#### WHAT TO WORK ON:
Repeat exactly, and only, the lines below starting at the line that contains "suff cols k" and ending at the line that contains "Lemma frob_ip_sum_outer P", inclusive of both.

***

Lemma frob_ipNr A D : frob_ip D (- A) = - frob_ip D A.
Proof. by rewrite -scaleN1r frob_ipZr mulN1r. Qed.

Lemma frob_ipBl A B D : frob_ip (A - B) D = frob_ip A D - frob_ip B D.
Proof. by rewrite frob_ipDl frob_ipNl. Qed.

Lemma frob_ipBr A B D : frob_ip D (A - B) = frob_ip D A - frob_ip D B.
Proof. by rewrite frob_ipDr frob_ipNr. Qed.

Lemma frob_ipC A B : frob_ip A B = frob_ip B A.
Proof. by rewrite /frob_ip -mxtrace_tr trmx_mul trmxK. Qed.

Lemma frob_ip0r A : frob_ip A 0 = 0.
Proof. by rewrite /frob_ip mulmx0 linear0. Qed.

Lemma frob_ipE A B : frob_ip A B = \sum_i \sum_j A i j * B i j.
Proof.
rewrite /frob_ip /mxtrace exchange_big /=; apply: eq_bigr => i _.
by rewrite mxE; apply: eq_bigr => j _; rewrite mxE.
Qed.

Lemma frob_sqE A : frob_sq A = \sum_i \sum_j A i j ^+ 2.
Proof. by rewrite /frob_sq frob_ipE; under eq_bigr do under eq_bigr do rewrite -expr2. Qed.

Lemma frob_sq_ge0 A : 0 <= frob_sq A.
Proof. by rewrite frob_sqE; apply: sumr_ge0 => i _; apply: sumr_ge0 => j _; apply: sqr_ge0. Qed.

Lemma sqr_entry_le_frob_sq A i j : A i j ^+ 2 <= frob_sq A.
Proof.
have sum_ge0 (F : 'I_n -> R) k : (forall l, 0 <= F l) -> F k <= \sum_l F l.
  by move=> F0; rewrite (bigD1 k) //= lerDl sumr_ge0.
rewrite frob_sqE; apply: le_trans (sum_ge0 _ i _); last first.
  by move=> k; apply: sumr_ge0 => l _; apply: sqr_ge0.
by apply: sum_ge0 => l; apply: sqr_ge0.
Qed.

Lemma normr_entry_le_frob_sq A i j : `|A i j| <= 1 + frob_sq A.
Proof.
have := sqr_entry_le_frob_sq A i j; rewrite -real_normK ?num_real //.
have := normr_ge0 (A i j); nra.
Qed.

Lemma frob_sq_eq0 A : frob_sq A <= 0 -> A = 0.
Proof.
move=> A0; apply/matrixP => i j; rewrite mxE; apply/eqP; rewrite -sqrf_eq0 eq_le sqr_ge0 andbT.
exact: le_trans (sqr_entry_le_frob_sq A i j) A0.
Qed.

Lemma frob_sqZ a A : frob_sq (a *: A) = a ^+ 2 * frob_sq A.
Proof. by rewrite /frob_sq frob_ipZl frob_ipZr mulrA expr2. Qed.

Lemma frob_sqB A B : frob_sq (A - B) = frob_sq A - 2 * frob_ip A B + frob_sq B.
Proof. rewrite /frob_sq frob_ipBl !frob_ipBr (frob_ipC B A); ring. Qed.

End Frobenius.

Section PsdCone.
Variables (R : realType) (n : nat).
Implicit Types (M P Y : 'M[R]_n) (u v w : 'cV[R]_n).

Definition mxform M u v : R := (u^T *m M *m v) 0 0.

Lemma mxformDl M u v w : mxform M (u + v) w = mxform M u w + mxform M v w.
Proof. by rewrite /mxform linearD /= !mulmxDl mxE. Qed.

Lemma mxformDr M u v w : mxform M w (u + v) = mxform M w u + mxform M w v.
Proof. by rewrite /mxform !mulmxDr mxE. Qed.

Lemma mxformZl M a u w : mxform M (a *: u) w = a * mxform M u w.
Proof. by rewrite /mxform linearZ /= -!scalemxAl mxE. Qed.

Lemma mxformZr M a u w : mxform M w (a *: u) = a * mxform M w u.
Proof. by rewrite /mxform -!scalemxAr mxE. Qed.

Lemma mxform_add M1 M2 u v : mxform (M1 + M2) u v = mxform M1 u v + mxform M2 u v.
Proof. by rewrite /mxform mulmxDr mulmxDl mxE. Qed.

Lemma mxform_scale a M u v : mxform (a *: M) u v = a * mxform M u v.
Proof. by rewrite /mxform -scalemxAr -scalemxAl mxE. Qed.

Lemma mxform_opp M u v : mxform (- M) u v = - mxform M u v.
Proof. by rewrite -scaleN1r mxform_scale mulN1r. Qed.

Lemma sym_mxE M i j : sym_mx M -> M j i = M i j.
Proof. by move=> sM; rewrite -[in LHS]sM mxE. Qed.

Lemma mxform_tr M u v : mxform M u v = mxform M^T v u.
Proof. by rewrite /mxform -[in LHS](trmxK (u^T *m M *m v)) mxE !trmx_mul trmxK mulmxA. Qed.

Lemma mxform_sym M u v : sym_mx M -> mxform M u v = mxform M v u.
Proof. by move=> sM; rewrite mxform_tr sM. Qed.

Lemma mxform_delta M i v : mxform M (delta_mx i 0) v = (M *m v) i 0.
Proof. by rewrite /mxform trmx_delta -mulmxA -rowE mxE. Qed.

Lemma mxform_outer u v : mxform (u *m u^T) v v = (v^T *m u) 0 0 ^+ 2.
Proof.
rewrite /mxform mulmxA -(mulmxA (v^T *m u)) mxE big_ord1 expr2; congr (_ * _).
by rewrite -[in LHS](trmxK v) -trmx_mul mxE.
Qed.

Lemma frob_ip_outer M u : frob_ip M (u *m u^T) = mxform M u u.
Proof. by rewrite /frob_ip mulmxA mxtrace_mulC /mxtrace big_ord1 mulmxA [RHS]mxform_tr. Qed.

Lemma mxform_shift M v w t : sym_mx M ->
  mxform M (v + t *: w) (v + t *: w) =
  mxform M v v + 2 * t * mxform M v w + t ^+ 2 * mxform M w w.
Proof.
move=> sM; rewrite !mxformDl !mxformDr !mxformZl !mxformZr (mxform_sym w v sM) expr2; ring.
Qed.

Lemma psd_mxform_ge0 P v : psd_mx P -> 0 <= mxform P v v.
Proof. by case=> _; apply. Qed.

Lemma psd0 : psd_mx (0 : 'M[R]_n).
Proof. by split=> [|v]; rewrite ?/sym_mx ?trmx0 // mulmx0 mul0mx mxE. Qed.

Lemma psdD P Y : psd_mx P -> psd_mx Y -> psd_mx (P + Y).
Proof.
move=> [sP P0] [sY Y0]; split=> [|v]; first by rewrite /sym_mx linearD /= sP sY.
by have := mxform_add P Y v v; rewrite /mxform => ->; apply: addr_ge0.
Qed.

Lemma psdZ a P : 0 <= a -> psd_mx P -> psd_mx (a *: P).
Proof.
move=> a0 [sP P0]; split=> [|v]; first by rewrite /sym_mx linearZ /= sP.
by have := mxform_scale a P v v; rewrite /mxform => ->; apply: mulr_ge0.
Qed.

Lemma psd_outer u : psd_mx (u *m u^T).
Proof.
split=> [|v]; first by rewrite /sym_mx trmx_mul trmxK.
by have := mxform_outer u v; rewrite /mxform => ->; apply: sqr_ge0.
Qed.

Lemma linear_term_eq0 (a b : R) : (forall t, 0 <= 2 * t * a + t ^+ 2 * b) -> a = 0.
Proof.
move=> H; set e := (`|b| + 1)^-1.
have b0 := normr_ge0 b.
have e0 : 0 < e by rewrite invr_gt0; lra.
have ee : e * (`|b| + 1) = 1 by rewrite mulVf // gt_eqF //; lra.
have eb : e * b <= e * `|b| by apply: ler_wpM2l; [exact: ltW | exact: ler_norm].
have qe0 : 0 <= a * a * e by rewrite -expr2 mulr_ge0 ?sqr_ge0 ?ltW.
have := H (- a * e); rewrite expr2 => Ht.
have Ht' : 2 * (a * a * e) <= a * a * e * (e * b) by lra.
have : a * a * e * (e * b) <= a * a * e * (1 - e) by apply: ler_wpM2l => //; lra.
move=> h; have a2e : a * a * e <= 0 by nra.
have a2 : a * a <= 0 by move: a2e; rewrite pmulr_lle0.
by apply/eqP; rewrite -sqrf_eq0 eq_le sqr_ge0 andbT expr2.
Qed.

Lemma psd_mxform_eq0 P v : psd_mx P -> mxform P v v = 0 -> P *m v = 0.
Proof.
move=> Pp v0; apply/matrixP => i j; rewrite (ord1 j) [RHS]mxE -mxform_delta.
rewrite (mxform_sym _ _ Pp.1).
apply: (@linear_term_eq0 _ (mxform P (delta_mx i 0) (delta_mx i 0))) => t.
by have := psd_mxform_ge0 (v + t *: delta_mx i 0) Pp; rewrite mxform_shift ?v0 ?add0r //; case: Pp.
Qed.

End PsdCone.

Arguments psd0 {R n}.

Section PsdInnerProduct.
Variables (R : realType) (n : nat).
Implicit Types (M P Y : 'M[R]_n) (u v w : 'cV[R]_n).

Lemma psd_diag_ge0 Y k : psd_mx Y -> 0 <= Y k k.
Proof. by move=> /(psd_mxform_ge0 (delta_mx k 0)); rewrite mxform_delta -colE mxE. Qed.

Lemma psd_schur Y k : psd_mx Y -> 0 < Y k k ->
  psd_mx (Y - (Y k k)^-1 *: (col k Y *m (col k Y)^T)).
Proof.
move=> Yp d0; have sY := Yp.1.
split=> [|w]; first by rewrite /sym_mx linearB /= linearZ /= trmx_mul trmxK sY.
change (0 <= mxform (Y - (Y k k)^-1 *: (col k Y *m (col k Y)^T)) w w).
rewrite mxform_add mxform_opp mxform_scale mxform_outer.
set e : 'cV[R]_n := delta_mx k 0.
have -> : (w^T *m col k Y) 0 0 = mxform Y w e by rewrite colE /mxform mulmxA.
have Yee : mxform Y e e = Y k k by rewrite mxform_delta -colE mxE.
set c := mxform Y w e; set d := Y k k.
(* completing the square: test the form at w - (c / d) e *)
have := psd_mxform_ge0 (w + (- c / d) *: e) Yp.
rewrite mxform_shift // -/c Yee -/d.
have -> : (- c / d) ^+ 2 * d = c ^+ 2 / d by field; rewrite gt_eqF.
have -> : 2 * (- c / d) * c = - 2 * (c ^+ 2 / d) by field; rewrite gt_eqF.
rewrite mulrC; lra.
Qed.

Lemma psd_col_eq0 Y k : psd_mx Y -> Y k k = 0 -> col k Y = 0.
Proof. by move=> Yp Ykk; rewrite colE psd_mxform_eq0 // mxform_delta -colE mxE. Qed.

(* Symmetric Gaussian elimination: split off the Schur complement column by column. *)
Lemma psd_sum_outer Y : psd_mx Y -> exists s : seq 'cV[R]_n, Y = \sum_(u <- s) u *m u^T.
Proof.
suff cols k : forall Y, psd_mx Y -> (forall i j : 'I_n, (k <= j)%N -> Y i j = 0) ->
    exists s : seq 'cV[R]_n, Y = \sum_(u <- s) u *m u^T.
  by move=> Yp; apply: (cols n) => // i j; rewrite leqNgt ltn_ord.
elim: k => [|k IH] {}Y Yp Y0.
  by exists [::]; rewrite big_nil; apply/matrixP => i j; rewrite mxE Y0.
have [kn|nk] := ltnP k n; last first.
  by apply: IH => // i j kj; have := ltn_ord j; lia.
set kk := Ordinal kn; set u := col kk Y.
have sY := Yp.1.
have [Ykk0|Ykk_neq0] := eqVneq (Y kk kk) 0.
  apply: IH => // i j; rewrite leq_eqVlt => /orP[/eqP kj|]; last exact: Y0.
  have -> : j = kk by apply: val_inj.
  by have /matrixP/(_ i 0) := psd_col_eq0 Yp Ykk0; rewrite !mxE.
have d0 : 0 < Y kk kk by rewrite lt_def Ykk_neq0 psd_diag_ge0.
have [||s Ys] := IH (Y - (Y kk kk)^-1 *: (u *m u^T)); first exact: psd_schur.
  move=> i j kj; rewrite !mxE big_ord1 !mxE.
  move: kj; rewrite leq_eqVlt => /orP[/eqP kj|kj].
    have -> : j = kk by apply: val_inj.
    by field; rewrite gt_eqF.
  by rewrite [Y j kk](sym_mxE _ _ sY) (Y0 i j kj) (Y0 kk j kj) !mulr0 subr0.
exists (Num.sqrt (Y kk kk)^-1 *: u :: s); rewrite big_cons -Ys.
rewrite -scalemxAl linearZ /= -scalemxAr scalerA -expr2 sqr_sqrtr ?invr_ge0 ?ltW //.
by rewrite addrC subrK.
Qed.

Lemma frob_ip_sum_outer P (s : seq 'cV[R]_n) :
  frob_ip P (\sum_(u <- s) u *m u^T) = \sum_(u <- s) mxform P u u.
Proof.
rewrite /frob_ip mulmx_sumr raddf_sum; apply: eq_bigr => u _ /=.
exact: frob_ip_outer.
Qed.

Lemma frob_ip_psd_ge0 P Y : psd_mx P -> psd_mx Y -> 0 <= frob_ip P Y.
Proof.
move=> Pp /psd_sum_outer[s ->]; rewrite frob_ip_sum_outer.
by apply: sumr_ge0 => u _; apply: psd_mxform_ge0.
Qed.

Lemma frob_ip_psd_eq0 P Y : psd_mx P -> psd_mx Y -> frob_ip P Y = 0 -> P *m Y = 0.
Proof.
move=> Pp /psd_sum_outer[s ->]; rewrite frob_ip_sum_outer => /eqP.
rewrite psumr_eq0 => [/allP s0|u _]; last exact: psd_mxform_ge0.
rewrite mulmx_sumr big1_seq // => u /s0 /eqP /(psd_mxform_eq0 Pp) Pu.
by rewrite mulmxA Pu mul0mx.
Qed.

End PsdInnerProduct.

Section PsdVariationalInequality.
Variables (R : realType) (n : nat).
Implicit Types (Z P Y : 'M[R]_n).

Definition psd_vi Z P := psd_mx P /\ forall Y, psd_mx Y -> frob_ip (Z - P) (Y - P) <= 0.

Lemma is_psd_proj_vi Z P : is_psd_proj Z P -> psd_vi Z P.
Proof.
move=> [Pp Pmin]; split=> // Y Yp.
set a := frob_ip (Z - P) (Y - P); set c := frob_sq (Y - P).
have c0 : 0 <= c := frob_sq_ge0 _.
rewrite leNgt; apply/negP => a0.
(* moving from P towards Y by t = a / (a + c) stays in the cone and gets closer to Z *)
set t := a / (a + c).
have ac0 : 0 < a + c by lra.
have t0 : 0 < t by apply: divr_gt0.
have t1 : t <= 1 by rewrite /t ler_pdivrMr // mul1r; lra.
have tac : t * (a + c) = a by rewrite /t mulfVK // gt_eqF.
have Pt : psd_mx (P + t *: (Y - P)).
  have -> : P + t *: (Y - P) = (1 - t) *: P + t *: Y.
    by rewrite scalerBr scalerBl scale1r [RHS]addrC addrCA.
  by apply: psdD; apply: psdZ => //; lra.
have := Pmin _ Pt; rewrite opprD addrA (frob_sqB (Z - P)) frob_ipZr frob_sqZ -/a -/c => H.
have H2 : 2 * t * a <= t ^+ 2 * c by lra.
rewrite expr2 in H2; nra.
Qed.

Lemma psd_vi_nonexpansive Z1 P1 Z2 P2 :
  psd_vi Z1 P1 -> psd_vi Z2 P2 -> frob_sq (P1 - P2) <= frob_sq (Z1 - Z2).
Proof.
move=> [P1p H1] [P2p H2]; have h1 := H1 _ P2p; have h2 := H2 _ P1p.
have h3 := frob_sq_ge0 ((Z1 - Z2) - (P1 - P2)).
move: h1 h2 h3; rewrite /frob_sq !frob_ipBl !frob_ipBr.
have := frob_ipC Z1 Z2; have := frob_ipC Z1 P1; have := frob_ipC Z1 P2.
have := frob_ipC Z2 P1; have := frob_ipC Z2 P2; have := frob_ipC P1 P2.
lra.
Qed.

Lemma psd_vi_unique Z P1 P2 : psd_vi Z P1 -> psd_vi Z P2 -> P1 = P2.
Proof.
move=> h1 h2; have := psd_vi_nonexpansive h1 h2; rewrite subrr /frob_sq frob_ip0r.
by move/frob_sq_eq0/eqP; rewrite subr_eq0 => /eqP.
Qed.

Lemma psd_vi_moreau Z P : sym_mx Z -> psd_vi Z P ->
  psd_vi (- Z) (P - Z) /\ frob_ip P (P - Z) = 0.
Proof.
move=> sZ [Pp HP]; have sP := Pp.1.
(* testing the inequality at Y = 0 and Y = 2 P *)
have := HP 0 psd0; have := HP (P + P) (psdD Pp Pp).
rewrite sub0r frob_ipNr addrK => hB hA.
have PPZ : frob_ip P (P - Z) = 0.
  by rewrite frob_ipC -opprB frob_ipNl; apply/eqP; rewrite oppr_eq0 eq_le hB -oppr_le0 hA.
split=> //; split=> [|Y Yp].
  split=> [|v]; first by rewrite /sym_mx linearB /= sP sZ.
  have := HP _ (psdD Pp (psd_outer v)); rewrite (addrC P) addrK frob_ip_outer => Hv.
  by change (0 <= mxform (P - Z) v v); rewrite -opprB mxform_opp oppr_ge0.
rewrite opprB addKr frob_ipNl frob_ipDr -[Z - P]opprB frob_ipNr PPZ oppr0 addr0 oppr_le0.
exact: frob_ip_psd_ge0.
Qed.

***

#### REPLY:
suff cols k : forall Y, psd_mx Y -> (forall i j : 'I_n, (k <= j)%N -> Y i j = 0) ->
    exists s : seq 'cV[R]_n, Y = \sum_(u <- s) u *m u^T.
  by move=> Yp; apply: (cols n) => // i j; rewrite leqNgt ltn_ord.
elim: k => [|k IH] {}Y Yp Y0.
  by exists [::]; rewrite big_nil; apply/matrixP => i j; rewrite mxE Y0.
have [kn|nk] := ltnP k n; last first.
  by apply: IH => // i j kj; have := ltn_ord j; lia.
set kk := Ordinal kn; set u := col kk Y.
have sY := Yp.1.
have [Ykk0|Ykk_neq0] := eqVneq (Y kk kk) 0.
  apply: IH => // i j; rewrite leq_eqVlt => /orP[/eqP kj|]; last exact: Y0.
  have -> : j = kk by apply: val_inj.
  by have /matrixP/(_ i 0) := psd_col_eq0 Yp Ykk0; rewrite !mxE.
have d0 : 0 < Y kk kk by rewrite lt_def Ykk_neq0 psd_diag_ge0.
have [||s Ys] := IH (Y - (Y kk kk)^-1 *: (u *m u^T)); first exact: psd_schur.
  move=> i j kj; rewrite !mxE big_ord1 !mxE.
  move: kj; rewrite leq_eqVlt => /orP[/eqP kj|kj].
    have -> : j = kk by apply: val_inj.
    by field; rewrite gt_eqF.
  by rewrite [Y j kk](sym_mxE _ _ sY) (Y0 i j kj) (Y0 kk j kj) !mulr0 subr0.
exists (Num.sqrt (Y kk kk)^-1 *: u :: s); rewrite big_cons -Ys.
rewrite -scalemxAl linearZ /= -scalemxAr scalerA -expr2 sqr_sqrtr ?invr_ge0 ?ltW //.
by rewrite addrC subrK.
Qed.

Lemma frob_ip_sum_outer P (s : seq 'cV[R]_n) :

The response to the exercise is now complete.